# **How Can a Wellness Technology Company Play It Smart?**
## Phase 1: Ask

#### Introduction
In this analysis we will take a close look at real-world data by FitBit users, a popular fitness tracker, in order to find important insights on user behaviour and trends to help Bellabeat's marketing team make the right decisions in continuing with their products' journeys. That includes identifying when and how participants used their fitness tracker, as well as how different groups of users differ in bevaviour from one another. 

Apart from supporting the upcoming marketing campaign, other goals of this analysis are customer segmentation of fitness tracker users and optimizing features of Bellabeats smart-devices.

#### Stakeholders
The stakeholders during this analysis are Urška Sršen and Sando Mur, cofounders and executives of Bellabeat. Additionally, the marketing team behind Bellabeat are also key-stakeholders, as this report aims to directly influence their upcoming campaigns.


## Phase 2: Prepare
#### Integrity
The data for this process comes from a public dataset from Kaggle. The data was collected from 03/12/2016 to 05/12/2016 and includes thirty participants. The dataset itself falls under CC0 - Public Domain and is therefore sharable and usable in any setting - commercially or not.

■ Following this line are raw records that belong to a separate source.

(* Let $M\le N$ and $\mathbf{A}\in\mathbb{R}^{M\times N}$ with full row rank. Let $\lambda>0$ and let $\rho:\mathbb{R}^{M\times M}\to\mathbb{R}$ be differentiable and $\mu$-strongly convex ($\mu>0$). Fix constants $K>0$ and $c>0$ and let $\mathcal{P}_{K,c}$ be the set of probability distributions $\pi$ of pairs $(\mathbf{x},\mathbf{y})\in\mathbb{R}^N\times\mathbb{R}^M$ with $\mathbb{E}_\pi\|\mathbf{x}\|_2^2\le K$, $\mathbb{E}_\pi\|\mathbf{y}\|_2^2\le K$, and $\mathbb{E}_\pi[\mathbf{y}\mathbf{y}^\top]\succeq c\,\mathbf{I}$. For $\pi\in\mathcal{P}_{K,c}$ let $\mathbf{B}^\ast_\pi$ be the unique minimizer over $\mathbf{B}\in\mathbb{R}^{M\times M}$ of $F_\pi(\mathbf{B})=\mathbb{E}_\pi\|\mathbf{A}^\top\mathbf{B}\mathbf{y}-\mathbf{x}\|_2^2+\lambda\rho(\mathbf{B})$. Then there is a constant $C>0$, depending on $\mathbf{A},K,c,\mu$ and $\nabla\rho(\mathbf{0})$ but not on $\lambda$, such that for all $\pi,\pi'\in\mathcal{P}_{K,c}$, $$\|\mathbf{B}^\ast_\pi-\mathbf{B}^\ast_{\pi'}\|_F\le\frac{C}{\lambda\mu}\,W_2(\pi,\pi').$$
   Context: $\|\cdot\|_F$ is the Frobenius norm and $\nabla\rho$ is the gradient with respect to the Frobenius inner product; $\rho$ is $\mu$-strongly convex if $\rho-\frac{\mu}{2}\|\cdot\|_F^2$ is convex. $W_2$ denotes the 2-Wasserstein distance between probability distributions on $\mathbb{R}^N\times\mathbb{R}^M\cong\mathbb{R}^{N+M}$ with the Euclidean norm: $W_2(\pi,\pi')^2=\inf\mathbb{E}\|(\mathbf{x},\mathbf{y})-(\mathbf{x}',\mathbf{y}')\|_2^2$ over all couplings of $\pi$ and $\pi'$. *)

From HB Require Import structures.
From mathcomp Require Import all_boot all_order all_algebra.
From mathcomp Require Import all_classical all_reals all_analysis.
Set Implicit Arguments. Unset Strict Implicit. Unset Printing Implicit Defensive.
Import Order.TTheory GRing.Theory Num.Theory.
Import numFieldNormedType.Exports.
Local Open Scope classical_set_scope.
Local Open Scope ring_scope.

Definition sqnorm {R : realType} {n : nat} (v : 'cV[R]_n) : R :=
  \sum_(i < n) v i 0 ^+ 2.

Definition frob {R : realType} {m n : nat} (B : 'M[R]_(m, n)) : R :=
  Num.sqrt (\sum_(i < m) \sum_(j < n) B i j ^+ 2).

(* The underlying space R^N x R^M, with the Borel sigma-algebra of its
   (product = Euclidean) topology. *)
Definition pairsp (R : realType) (n m : nat) : Type :=
  g_sigma_algebraType (@open ('cV[R]_n * 'cV[R]_m)%type).

Definition convex_fun {R : realType} {m : nat} (g : 'M[R]_m -> R) : Prop :=
  forall (X Y : 'M[R]_m) (t : R), 0 <= t <= 1 ->
    g ((1 - t) *: X + t *: Y) <= (1 - t) * g X + t * g Y.

Definition strongly_convex {R : realType} {m : nat} (mu : R)
  (rho : 'M[R]_m -> R) : Prop :=
  convex_fun (fun X => rho X - mu / 2 * frob X ^+ 2).

(* gradient w.r.t. the Frobenius inner product at X: the matrix whose
   (i,j) entry is the derivative in direction of the elementary matrix E_ij *)
Definition grad {R : realType} {m : nat} (rho : 'M[R]_m -> R) (X : 'M[R]_m)
  : 'M[R]_m := \matrix_(i, j) ('d rho X (delta_mx i j : 'M[R]_m)).

Section Dist.
Context {R : realType} {n m : nat}.
Local Notation Z := (pairsp R n m).

Definition ymoment (P : probability Z R) : 'M[R]_m :=
  \matrix_(i, j) Rintegral P setT (fun z : Z => (z.2 i 0) * (z.2 j 0)).

Definition PKc (K c : R) (P : probability Z R) : Prop :=
  [/\ (\int[P]_z (sqnorm z.1)%:E <= K%:E)%E,
      (\int[P]_z (sqnorm z.2)%:E <= K%:E)%E &
      forall v : 'cV[R]_m,
        c * (v^T *m v) 0 0 <= (v^T *m ymoment P *m v) 0 0 ].

Definition coupling (P Q : probability Z R) (G : probability (Z * Z)%type R)
  : Prop :=
  (forall A : set Z, measurable A -> G (fst @^-1` A) = P A) /\
  (forall A : set Z, measurable A -> G (snd @^-1` A) = Q A).

Definition W2sq (P Q : probability Z R) : \bar R :=
  ereal_inf [set (\int[G]_w (sqnorm (w.1.1 - w.2.1) + sqnorm (w.1.2 - w.2.2))%:E)%E
            | G in coupling P Q].

(* 2-Wasserstein distance (finite on P_{K,c}) *)
Definition W2 (P Q : probability Z R) : R := Num.sqrt (fine (W2sq P Q)).

Definition Fobj (A : 'M[R]_(m, n)) (lam : R) (rho : 'M[R]_m -> R)
  (P : probability Z R) (B : 'M[R]_m) : \bar R :=
  (\int[P]_z (sqnorm (A^T *m B *m z.2 - z.1))%:E + (lam * rho B)%:E)%E.

Definition is_minimizer (A : 'M[R]_(m, n)) (lam : R) (rho : 'M[R]_m -> R)
  (P : probability Z R) (B : 'M[R]_m) : Prop :=
  forall B' : 'M[R]_m, (Fobj A lam rho P B <= Fobj A lam rho P B')%E.

End Dist.

From HB Require Import structures.
From mathcomp Require Import all_boot all_order all_algebra.
From mathcomp Require Import all_classical all_reals all_analysis.
From mathcomp Require Import measurable_realfun.
From mathcomp Require Import ring lra.
Set Implicit Arguments. Unset Strict Implicit. Unset Printing Implicit Defensive.
Import Order.TTheory GRing.Theory Num.Theory.
Import numFieldNormedType.Exports.
Local Open Scope classical_set_scope.
Local Open Scope ring_scope.

(* Strong convexity of [lam * rho] makes the objective grow quadratically around its
   minimizer Bp: F(Bp) + lam mu / 4 |Bp - Y|^2 <= F(Y).  Adding this inequality for the
   minimizers Bp of F_pi and Bq of F_pi' bounds lam mu |Bq - Bp|^2 by the change of the
   data term E|A^T B y - x|^2 from Bp to Bq, measured under pi minus under pi'.  For a
   single sample that change is bilinear in (Bq - Bp, Bq + Bp), so under any coupling
   it is at most |Bq - Bp| (k / delta E|z - z'|^2 + delta k O(K)) for every delta > 0;
   taking the infimum over couplings and optimizing delta gives the W2 bound.  The
   factor k involves |Bq + Bp|, which is bounded independently of lam by comparing a
   minimizer with 0, using E[y y^T] >= c I, the full row rank of A and the gradient
   inequality for rho at 0. *)

Lemma lagrange_identity {R : comRingType} k (a b : 'I_k -> R) :
  \sum_i \sum_j (a i * b j - a j * b i) ^+ 2 =
  2%:R * ((\sum_i a i ^+ 2) * (\sum_i b i ^+ 2) - (\sum_i a i * b i) ^+ 2).
Proof.
have eAB : (\sum_i a i ^+ 2) * (\sum_i b i ^+ 2) = \sum_i \sum_j a i ^+ 2 * b j ^+ 2.
  exact: big_distrlr.
have eBA : (\sum_i a i ^+ 2) * (\sum_i b i ^+ 2) = \sum_i \sum_j b i ^+ 2 * a j ^+ 2.
  by rewrite mulrC big_distrlr.
have ess : (\sum_i a i * b i) ^+ 2 = \sum_i \sum_j (a i * b i) * (a j * b j).
  by rewrite expr2 big_distrlr.
have -> : forall x y : R, 2%:R * (x - y) = x + x - 2%:R * y by move=> x y; ring.
rewrite {1}eAB eBA ess -big_split mulr_sumr -sumrB; apply: eq_bigr => i _ /=.
rewrite -big_split mulr_sumr -sumrB; apply: eq_bigr => j _ /=; ring.
Qed.

Lemma cauchy_schwarz_sum {R : realDomainType} k (a b : 'I_k -> R) :
  (\sum_i a i * b i) ^+ 2 <= (\sum_i a i ^+ 2) * (\sum_i b i ^+ 2).
Proof.
rewrite -subr_ge0 -(pmulr_rge0 _ (ltr0n R 2)) -lagrange_identity.
by apply: sumr_ge0 => i _; apply: sumr_ge0 => j _; exact: sqr_ge0.
Qed.

Lemma amgm_weighted {R : realFieldType} (x y e : R) : 0 < e ->
  2 * (x * y) <= e * x ^+ 2 + e^-1 * y ^+ 2.
Proof.
move=> e0.
have -> : e * x ^+ 2 + e^-1 * y ^+ 2 = 2 * (x * y) + e^-1 * (e * x - y) ^+ 2.
  by field; rewrite gt_eqF.
by rewrite lerDl mulr_ge0 ?sqr_ge0 // invr_ge0 ltW.
Qed.

Lemma le_div_add_div {R : realFieldType} (a b p q x : R) : 0 < a -> 0 < b ->
  0 <= p -> 0 <= q -> (a + b) * x <= p + q -> x <= p / a + q / b.
Proof.
move=> a0 b0 p0 q0 le_x; rewrite -(ler_pM2l (addr_gt0 a0 b0)).
apply: le_trans le_x _.
have -> : (a + b) * (p / a + q / b) = p + q + (b * (p / a) + a * (q / b)).
  by field; rewrite !gt_eqF.
by rewrite lerDl addr_ge0 // mulr_ge0 ?divr_ge0 // ltW.
Qed.

Lemma le_mul_sqrt_of_scaled {R : rcfType} (x k L W : R) : 0 <= W -> 0 <= k -> 0 <= L ->
  (forall de, 0 < de -> x <= k / de * W + de * k * L) -> x <= k * (1 + L) * Num.sqrt W.
Proof.
move=> W0 k0 L0 le_x; apply/ler_addgt0Pr => e e0.
set r := Num.sqrt W; have r0 : 0 <= r := sqrtr_ge0 W.
have kL1 : 0 < k * L + 1 by have := mulr_ge0 k0 L0; lra.
(* take [de := sqrt W + eta]: then [k / de * W <= k * sqrt W] and [eta * k * L <= e] *)
set eta := e / (k * L + 1); have eta0 : 0 < eta := divr_gt0 e0 kL1.
have de0 : 0 < r + eta by lra.
have first_le : k / (r + eta) * W <= k * r.
  rewrite mulrAC -mulrA; apply: ler_wpM2l => //.
  by rewrite ler_pdivrMr // -[W]sqr_sqrtr // -/r; nra.
have slack : eta * (k * L + 1) = e by rewrite /eta divfK // gt_eqF.
by have := le_x _ de0; nra.
Qed.

Section Norms.
Context {R : realType}.

Definition dotv {k} (u v : 'cV[R]_k) : R := \sum_i u i 0 * v i 0.

Definition sqfrob {p q} (X : 'M[R]_(p, q)) : R := \sum_i \sum_j X i j ^+ 2.

Lemma sqnorm_ge0 k (v : 'cV[R]_k) : 0 <= sqnorm v.
Proof. by apply: sumr_ge0 => i _; exact: sqr_ge0. Qed.

Lemma sqfrob_ge0 p q (X : 'M[R]_(p, q)) : 0 <= sqfrob X.
Proof. by apply: sumr_ge0 => i _; apply: sumr_ge0 => j _; exact: sqr_ge0. Qed.

Lemma sqr_frob p q (X : 'M[R]_(p, q)) : frob X ^+ 2 = sqfrob X.
Proof. exact/sqr_sqrtr/sqfrob_ge0. Qed.

Lemma sqfrobN p q (X : 'M[R]_(p, q)) : sqfrob (- X) = sqfrob X.
Proof. by apply: eq_bigr => i _; apply: eq_bigr => j _; rewrite mxE sqrrN. Qed.

Lemma frobN p q (X : 'M[R]_(p, q)) : frob (- X) = frob X.
Proof. by rewrite /frob -!/(sqfrob _) sqfrobN. Qed.

Lemma sqfrob_tr p q (X : 'M[R]_(p, q)) : sqfrob X^T = sqfrob X.
Proof.
rewrite /sqfrob exchange_big; apply: eq_bigr => i _; apply: eq_bigr => j _.
by rewrite mxE.
Qed.

Lemma sqnormN k (v : 'cV[R]_k) : sqnorm (- v) = sqnorm v.
Proof. by apply: eq_bigr => i _; rewrite mxE sqrrN. Qed.

Lemma sqnormZ k (a : R) (v : 'cV[R]_k) : sqnorm (a *: v) = a ^+ 2 * sqnorm v.
Proof. by rewrite /sqnorm mulr_sumr; apply: eq_bigr => i _; rewrite mxE exprMn. Qed.

Lemma coord_sqr_le_sqnorm k (v : 'cV[R]_k) j : v j 0 ^+ 2 <= sqnorm v.
Proof.
by rewrite /sqnorm (bigD1 j) //= lerDl; apply: sumr_ge0 => i _; exact: sqr_ge0.
Qed.
Lemma increment_bound_of_local (psi G : R -> R) u v : u <= v ->
  (forall s s', u <= s -> s <= s' -> s' <= v -> G s <= G s') ->
  (forall s, u <= s <= v -> exists delta, delta > 0 /\
     forall s', u <= s' <= v -> Rabs (s' - s) < delta ->
       Rabs (psi s' - psi s) <= Rabs (G s' - G s)) ->
  Rabs (psi v - psi u) <= G v - G u.
Proof.
  intros Huv HG Hloc.
  set (E := fun w => u <= w <= v /\ Rabs (psi w - psi u) <= G w - G u).
  assert (Hstep : forall w w', E w -> w <= w' <= v ->
            Rabs (psi w' - psi w) <= Rabs (G w' - G w) -> E w').
  { intros w w' [Hw HEw] Hw' Hinc. split; [lra|].
    rewrite (Rabs_right (G w' - G w)) in Hinc by (assert (G w <= G w') by (apply HG; lra); lra).
    replace (psi w' - psi u) with ((psi w' - psi w) + (psi w - psi u)) by ring.
    eapply Rle_trans; [apply Rabs_triang | lra]. }
  assert (Eu : E u).
  { split; [lra|]. unfold Rminus. rewrite !Rplus_opp_r, Rabs_R0. lra. }
  assert (HEb : bound E) by (exists v; intros x [Hx _]; lra).
  destruct (completeness E HEb (ex_intro _ u Eu)) as [m Hm].
  assert (Hum : u <= m) by (apply (proj1 Hm); auto).
  assert (Hmv : m <= v) by (apply (proj2 Hm); intros x [Hx _]; lra).
  destruct (Hloc m (conj Hum Hmv)) as [delta [Hdelta Hd]].
  assert (Em : E m).
  { destruct (sup_approx E m delta Hm Hdelta) as [w [Ew Hw]].
    assert (Hwm : w <= m) by (apply (proj1 Hm); auto).
    apply (Hstep w m Ew); [lra|].
    rewrite (Rabs_minus_sym (psi m)), (Rabs_minus_sym (G m)).
    destruct Ew as [Hw' _]. apply Hd; [lra | apply Rabs_lt_iff; lra]. }
  destruct (Rle_lt_dec v m) as [Hvm|Hmv'].
  - replace v with m by lra. apply Em.
  - set (w' := Rmin v (m + delta / 2)).
    assert (Hw' : m < w' <= m + delta / 2 /\ w' <= v)
      by (unfold w', Rmin; destruct (Rle_dec v (m + delta / 2)); lra).
    assert (Ew' : E w').
    { apply (Hstep m w' Em); [lra|]. apply Hd; [lra | apply Rabs_lt_iff; lra]. }
    assert (w' <= m) by (apply (proj1 Hm); auto). lra.
Qed.
Lemma pullback_tailP t τ z :
  pullback_tail t τ z <-> exists2 s, s <= τ & exists2 b, B s b & S t s b = z.
Proof.
split=> [[s /= + Bsz] | [s sτ Bsz]]; last by exists s; rewrite //= in_itv.
by rewrite in_itv /= => sτ; exists s.
Qed.

Lemma pullback_tail_le t σ τ : σ <= τ -> pullback_tail t σ `<=` pullback_tail t τ.
Proof.
move=> στ z /pullback_tailP [s sσ Bsz]; apply/pullback_tailP.
by exists s => //; apply: le_trans στ.
Qed.

Lemma omega_limP t x :
  omega_lim S B t x <-> forall τ, τ <= t -> closure (pullback_tail t τ) x.
Proof.
split=> [omx τ τt | omx τ]; first by apply: omx; rewrite /= in_itv /=.
by rewrite /= in_itv /=; apply: omx.
Qed.

Lemma omega_lim_closed t : closed (omega_lim S B t).
Proof. by apply: closed_bigI => τ _; exact: closed_closure. Qed.

Lemma omega_lim_subK t : omega_lim S B t `<=` K t.
Proof.
move=> x /omega_limP omx.
rewrite (closure_id (K t)).1; last exact: compact_closed (@norm_hausdorff _ _) (K_compact t).
apply/closure_normP => e e0; have e20 : 0 < e / 2 by rewrite divr_gt0.
have [τ τt Kτ] := near_ninfty_ex_le t (K_attracts t _ e20).
have [_ /pullback_tailP [s sτ [b Bb <-]] xz] := (closure_normP _ _).1 (omx τ τt) _ e20.
have [k Kk zk] := Kτ s sτ b Bb; exists k => //.
by have := ler_distD (S t s b) x k; lra.
Qed.

Lemma omega_lim_compact t : compact (omega_lim S B t).
Proof. exact: subclosed_compact (omega_lim_closed t) (K_compact t) (@omega_lim_subK t). Qed.
Lemma comb_weights_spec l vs : forall w1 w2, length w1 = length vs -> length w2 = length vs ->
  Forall (fun c => 0 <= c) w1 -> Forall (fun c => 0 <= c) w2 -> 0 <= l <= 1 ->
  length (comb_weights l w1 w2) = length vs /\ Forall (fun c => 0 <= c) (comb_weights l w1 w2) /\
  fold_right Rplus 0 (comb_weights l w1 w2) =
    l * fold_right Rplus 0 w1 + (1-l) * fold_right Rplus 0 w2 /\
  lincomb (comb_weights l w1 w2) vs = (l * fst (lincomb w1 vs) + (1-l) * fst (lincomb w2 vs),
                                       l * snd (lincomb w1 vs) + (1-l) * snd (lincomb w2 vs)).
Proof.
  induction vs as [|v vs IH]; intros w1 w2 L1 L2 F1 F2 Hl.
  - destruct w1, w2; simpl in *; try discriminate. repeat split; auto; [ring | f_equal; ring].
  - destruct w1 as [|a w1], w2 as [|b w2]; simpl in *; try discriminate.
    inversion F1; inversion F2; subst.
    destruct (IH w1 w2) as (A1 & A2 & A3 & A4); auto.
    repeat split; simpl.
    + f_equal; auto.
    + constructor; auto. nra.
    + rewrite A3. ring.
    + rewrite A4. unfold vadd, vscal; simpl. f_equal; ring.
Qed.

Lemma in_hull_convex vs : convex (in_hull vs).
Proof.
  intros x1 y1 x2 y2 l [w1 (L1 & F1 & S1 & E1)] [w2 (L2 & F2 & S2 & E2)] Hl.
  destruct (comb_weights_spec l vs w1 w2) as (A1 & A2 & A3 & A4); auto.
  exists (comb_weights l w1 w2). repeat split; auto.
  - rewrite A3, S1, S2. ring.
  - rewrite A4, <- E1, <- E2. reflexivity.
Qed.

Lemma lincomb_bound vs B : 0 <= B ->
  (forall v, In v vs -> Rabs (fst v) <= B /\ Rabs (snd v) <= B) ->
  forall w, Forall (fun c => 0 <= c) w ->
  Rabs (fst (lincomb w vs)) <= fold_right Rplus 0 w * B /\
  Rabs (snd (lincomb w vs)) <= fold_right Rplus 0 w * B.
Proof.
  intros HB0 HB. induction vs as [|v vs IH]; intros w Fw.
  - assert (0 <= fold_right Rplus 0 w) by (induction Fw; simpl; lra).
    destruct w; simpl in *; rewrite Rabs_R0; split; nra.
  - destruct w as [|c w]; simpl; [rewrite Rabs_R0; lra|].
    inversion Fw; subst.
    destruct (IH (fun v' H' => HB v' (or_intror H')) w) as [I1 I2]; auto.
    destruct (HB v (or_introl eq_refl)) as [B1 B2].
    unfold vadd, vscal; simpl. split; (eapply Rle_trans; [apply Rabs_triang|]);
      rewrite Rabs_mult, (Rabs_right c) by lra; nra.
Qed.

Definition square (R0 : R) (q : pt) : Prop := -R0 <= fst q <= R0 /\ -R0 <= snd q <= R0.

Lemma square_convex R0 : convex (square R0).
Proof.
  intros x1 y1 x2 y2 l [H1 H2] [H3 H4] Hl. unfold square in *; simpl in *. split; split; nra.
Qed.

Lemma polygon_convex Q : is_convex_polygon Q -> convex Q.
Proof.
  intros [vs [HQ _]] x1 y1 x2 y2 l H1 H2 Hl. apply HQ.
  apply (in_hull_convex vs); auto; apply HQ; auto.
Qed.

Lemma coords_bounded (vs : list pt) :
  exists B, 0 <= B /\ forall v, In v vs -> Rabs (fst v) <= B /\ Rabs (snd v) <= B.
Proof.
  induction vs as [|v vs [B [HB0 HB]]]; [exists 0; split; [lra | intros v []]|].
  exists (Rabs (fst v) + Rabs (snd v) + B).
  generalize (Rabs_pos (fst v)) (Rabs_pos (snd v)). intros. split; [lra|].
  intros v' [<-|Hv]; [lra|]. specialize (HB v' Hv). lra.
Qed.

Lemma polygon_bounded Q : is_convex_polygon Q -> exists R0, 0 < R0 /\ forall q, Q q -> square R0 q.
Proof.
  intros [vs [HQ _]]. destruct (coords_bounded vs) as [B [B0 HB]].
  exists (B + 1). split; [lra|].
  intros q Hq. apply HQ in Hq. destruct Hq as [w (L & F & S & E)].
  destruct (lincomb_bound vs B B0 HB w F) as [I1 I2]. rewrite S, <- E in *.
  apply Rabs_le_between in I1, I2. unfold square. lra.
Qed.

Lemma integral_on_box_int S g R0 : 0 <= R0 -> convex S -> (forall q, S q -> square R0 q) ->
  jcont g -> box_int (-R0) R0 (-R0) R0 (fun q => ind S q * g q) (integral_on S g).
Proof.
  intros HR Hc HS hg.
  destruct (box_int_convex S g (-R0) R0 (-R0) R0) as [I HI]; try lra; auto.
  { intros x y Hxy. apply (HS (x,y) Hxy). }
  unfold integral_on. rewrite (integral2_box_int _ _ _ _ _ _ HI). exact HI.
Qed.

(** * The integrand of H *)

Definition sqdist (p : nat -> pt) (k : nat) (q : pt) : R :=
  (fst q - fst (p k))^2 + (snd q - snd (p k))^2.

Lemma sqdist_ge0 p k q : 0 <= sqdist p k q.
Proof. unfold sqdist. apply Rplus_le_le_0_compat; apply pow2_ge_0. Qed.

Lemma vnorm_le_sqdist p v w q :
  vnorm (vsub q (p v)) <= vnorm (vsub q (p w)) <-> sqdist p v q <= sqdist p w q.
Proof.
  change (sqrt (sqdist p v q) <= sqrt (sqdist p w q) <-> sqdist p v q <= sqdist p w q).
  split; intros H; [apply sqrt_le_0 | apply sqrt_le_1]; auto using sqdist_ge0.
Qed.

Lemma V2_sqdist Q n p i j q : V2 Q n p i j q <-> Q q /\ forall v w, (v = i \/ v = j) ->
  (w < n)%nat -> w <> i -> w <> j -> sqdist p v q <= sqdist p w q.
Proof.
  unfold V2. split; intros [H1 H2]; split; auto;
    intros v w Hv Hw N1 N2; apply vnorm_le_sqdist; auto.
Qed.

Lemma sqdist_diff_affine p a b x1 y1 x2 y2 l :
  sqdist p a (l*x1 + (1-l)*x2, l*y1 + (1-l)*y2) - sqdist p b (l*x1 + (1-l)*x2, l*y1 + (1-l)*y2) =
  l * (sqdist p a (x1,y1) - sqdist p b (x1,y1)) + (1-l) * (sqdist p a (x2,y2) - sqdist p b (x2,y2)).
Proof. unfold sqdist; simpl. ring. Qed.

Lemma V2_convex Q n p i j : convex Q -> convex (V2 Q n p i j).
Proof.
  intros HQ x1 y1 x2 y2 l H1 H2 Hl. apply V2_sqdist in H1, H2. apply V2_sqdist.
  destruct H1 as [Q1 C1], H2 as [Q2 C2]. split; [apply HQ; auto|].
  intros v w Hv Hw N1 N2. specialize (C1 v w Hv Hw N1 N2). specialize (C2 v w Hv Hw N1 N2).
  assert (E := sqdist_diff_affine p v w x1 y1 x2 y2 l). nra.
Qed.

The three datasets we are going to use contain a maximum of 33 individual participants over the course of 31 days, which isn't the biggest sample size of information. Regardless, we can expect to find some interesting insights during this analysis. Furthermore, age, gender and social background are not included in our data, so it is difficult to imagine how diverse our data is.

#### Security
While working on the analysis in R, the data will be accessed from the online repository on Kaggle. However, for backup reasons, a second copy of the data has been saved locally.

#### Ambiguity
Contrary to many other datasets, our data doesn't offer any details on what each of the columns represent. It is not explained what the columns' data entails, apart from the header, or what unit the data is in. Examples: The difference between TrackerDistance and TotalDistance is not explained and there are no units given for either.

### Importing libraries and data

In [None]:
library(tidyverse)
library(gridExtra)

df_activity <- read.csv('../input/fitbit/Fitabase Data 4.12.16-5.12.16/dailyActivity_merged.csv')
df_sleep <- read.csv('../input/fitbit/Fitabase Data 4.12.16-5.12.16/sleepDay_merged.csv')
df_intensity <- read.csv('../input/fitbit/Fitabase Data 4.12.16-5.12.16/hourlyIntensities_merged.csv')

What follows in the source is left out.